* TRY IT *
Scan the data. Collect each line that contains the word "term".

========

(* minimum of a vector (k0 only serves as seed; K >= 1) *)
Definition minL (L : 'I_K -> R) : R := \big[Num.min/L k0]_(k < K) L k.

Definition Lstar (t : nat) : R := minL (Lcum t).

(* learning rates in (0, oo]: None stands for eta = oo *)
Definition ew (eta : option R) (L : 'I_K -> R) (k : 'I_K) : R :=
  match eta with
  | Some e => expR (- e * L k) / \sum_(j < K) expR (- e * L j)
  | None => if L k == minL L
            then (#|[pred j : 'I_K | L j == minL L]|%:R)^-1 else 0
  end.

Definition wt (eta : option R) (t : nat) : 'I_K -> R := ew eta (Lcum t.-1).
Definition hloss (eta : option R) (t : nat) : R :=
  \sum_(k < K) wt eta t k * ell t k.
Definition mloss (eta : option R) (t : nat) : R :=
  match eta with
  | Some e => - e^-1 * ln (\sum_(k < K) wt eta t k * expR (- e * ell t k))
  | None => Lstar t - Lstar t.-1
  end.
Definition mgap (eta : option R) (t : nat) : R := hloss eta t - mloss eta t.

Definition ah_eta (D : R) : option R :=
  if D == 0 then None else Some (ln (K%:R) / D).

Fixpoint ah_Delta (t : nat) : R :=
  match t with
  | 0 => 0
  | t'.+1 => ah_Delta t' + mgap (ah_eta (ah_Delta t')) t'.+1
  end.

Definition ah_eta_t (t : nat) : option R := ah_eta (ah_Delta t.-1).
Definition ah_h (t : nat) : R := hloss (ah_eta_t t) t.
Definition ah_m (t : nat) : R := mloss (ah_eta_t t) t.
(* Let $p$ be a prime and $\chi$ a primitive Dirichlet character modulo $p^m$ ($m\ge1$). Then for all integers $n\ge m$ and $k\ge0$, $$S_k(p^n,\chi)\equiv0\pmod{p^{n-1}}.$$ Furthermore, when $p=2$: if $m\ge3$, or $m=2$ and $k$ is even, or $m=1$ and $k$ is odd, then for all $n\ge\max\{m,2\}$, $$S_k(2^n,\chi)\equiv0\pmod{2^n}.$$
   Context: $S_k(N,\chi)=\sum_{j=1}^N\chi(j)j^k$. Values lie in the ring of algebraic integers of the cyclotomic field generated by the values of $\chi$, where congruences are taken. *)

From HB Require Import structures.
From mathcomp Require Import all_boot all_order all_algebra all_field.
Set Implicit Arguments. Unset Strict Implicit. Unset Printing Implicit Defensive.
Import Order.TTheory GRing.Theory Num.Theory.
Local Open Scope ring_scope.

Definition dirichlet_char (N : nat) (chi : nat -> algC) : Prop :=
  [/\ (0 < N)%N,
      chi 1%N = 1,
      (forall a b : nat, chi (a * b)%N = chi a * chi b),
      (forall a : nat, chi (a + N)%N = chi a) &
      (forall a : nat, (chi a == 0) = ~~ coprime a N)].

(* chi mod N is primitive: there is no proper divisor d of N that is an
   induced modulus, i.e. for every d | N with d < N there is some a coprime
   to N with a = 1 (mod d) and chi a <> 1. *)
Definition primitive_char (N : nat) (chi : nat -> algC) : Prop :=
  forall d : nat, (d %| N)%N -> (d < N)%N ->
    exists a : nat, [/\ coprime a N, (a = 1 %[mod d])%N & chi a != 1].

Definition Schar (k N : nat) (chi : nat -> algC) : algC :=
  \sum_(1 <= j < N.+1) chi j * (j%:R) ^+ k.

(* x = 0 mod q in the ring of integers O_K of the number field K = Q(values of chi),
   for x in O_K: x/q lies in K, so this is equivalent to x/q being an algebraic integer. *)
Definition cong0_mod (x : algC) (q : nat) : Prop := x / q%:R \in Aint.
(* If $\mathrm{char}(\Bbbk)=2$, then $G=\{g_1,g_2\}$ with $g_1=z^2+x^2y+y^5z^3$ and $g_2=y^3+x^4+y^3z^5+x^2y^4z^3$ is a standard basis of $P$ with respect to the negative degree reverse lexicographic order $>_{\rm ds}$.
   Context: $\Bbbk$ is a field, $\rho:\Bbbk[[x,y,z]]\to\Bbbk[[t]]$ is the $\Bbbk$-algebra morphism with $\rho(x)=t^6+t^{31}$, $\rho(y)=t^8$, $\rho(z)=t^{10}$, and $P=\ker\rho$. The order $>_{\rm ds}$ on monomials $x^\alpha=x^{\alpha_1}y^{\alpha_2}z^{\alpha_3}$: $x^\alpha>_{\rm ds}x^\beta$ iff $|\alpha|<|\beta|$, or $|\alpha|=|\beta|$ and there is $i\in\{1,2\}$ with $\alpha_3=\beta_3,\ldots,\alpha_{i+1}=\beta_{i+1}$ and $\alpha_i<\beta_i$ (so $1>x>y>z>x^2>xy>y^2>xz>yz>z^2>\cdots$). For $0\ne f\in\Bbbk[[x,y,z]]$, the leading monomial $\mathrm{LM}(f)$ is the $>_{\rm ds}$-largest monomial in the support of $f$. A finite set $G\subseteq I$ is a standard basis of an ideal $I\subseteq\Bbbk[[x,y,z]]$ if the ideal generated by $\{\mathrm{LM}(g):g\in G,g\neq0\}$ equals the ideal generated by $\{\mathrm{LM}(f): f\in I, f\ne0\}$. *)

(* Formal power series in x,y,z over a field K, represented
   as coefficient functions on exponent triples (a1,a2,a3) <-> x^a1 y^a2 z^a3. *)
From mathcomp Require Import all_boot all_order all_algebra.
Set Implicit Arguments. Unset Strict Implicit. Unset Printing Implicit Defensive.
Import GRing.Theory.
Local Open Scope ring_scope.

Section PS.
Variable K : fieldType.

Fixpoint In {A : Type} (x : A) (l : seq A) : Prop :=
  if l is y :: l' then y = x \/ In x l' else False.

Definition mon := (nat * nat * nat)%type.
Definition e1 (a : mon) : nat := a.1.1.
Definition e2 (a : mon) : nat := a.1.2.
Definition e3 (a : mon) : nat := a.2.
Definition mdeg (a : mon) : nat := (e1 a + e2 a + e3 a)%N.

Definition ps := mon -> K.

Definition ps0 : ps := fun _ => 0.
Definition psadd (f g : ps) : ps := fun a => f a + g a.
Definition psmul (f g : ps) : ps := fun a =>
  \sum_(i < (e1 a).+1) \sum_(j < (e2 a).+1) \sum_(k < (e3 a).+1)
     f ((i : nat, j : nat), k : nat) * g (((e1 a - i)%N, (e2 a - j)%N), (e3 a - k)%N).
Definition psmon (m : mon) : ps := fun a => if a == m then 1 else 0.

Definition us := nat -> K.
Definition usmul (p q : us) : us := fun n => \sum_(i < n.+1) p i * q (n - i)%N.
Definition us1 : us := fun n => if n == 0%N then 1 else 0.
Definition uspow (p : us) (k : nat) : us := iter k (usmul p) us1.

(* Substitution f(p1,p2,p3) for p1,p2,p3 with zero constant term (the unique
   local K-algebra morphism K[[x,y,z]] -> K[[t]] sending x,y,z to p1,p2,p3).
   Truncating each exponent at n is exact because p1^a p2^b p3^c has order
   >= a+b+c when the p_i have zero constant term. *)
Definition subst (p1 p2 p3 : us) (f : ps) : us := fun n =>
  \sum_(a < n.+1) \sum_(b < n.+1) \sum_(c < n.+1)
     f ((a : nat, b : nat), c : nat) *
     usmul (uspow p1 a) (usmul (uspow p2 b) (uspow p3 c)) n.

Definition tpow (k : nat) : us := fun n => if n == k then 1 else 0.
Definition rho_x : us := fun n => tpow 6 n + tpow 31 n.
Definition rho_y : us := tpow 8.
Definition rho_z : us := tpow 10.

Definition rho (f : ps) : us := subst rho_x rho_y rho_z f.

========

* EXERCISE RESULT *
(* Substitution f(p1,p2,p3) for p1,p2,p3 with zero constant term (the unique
   >= a+b+c when the p_i have zero constant term. *)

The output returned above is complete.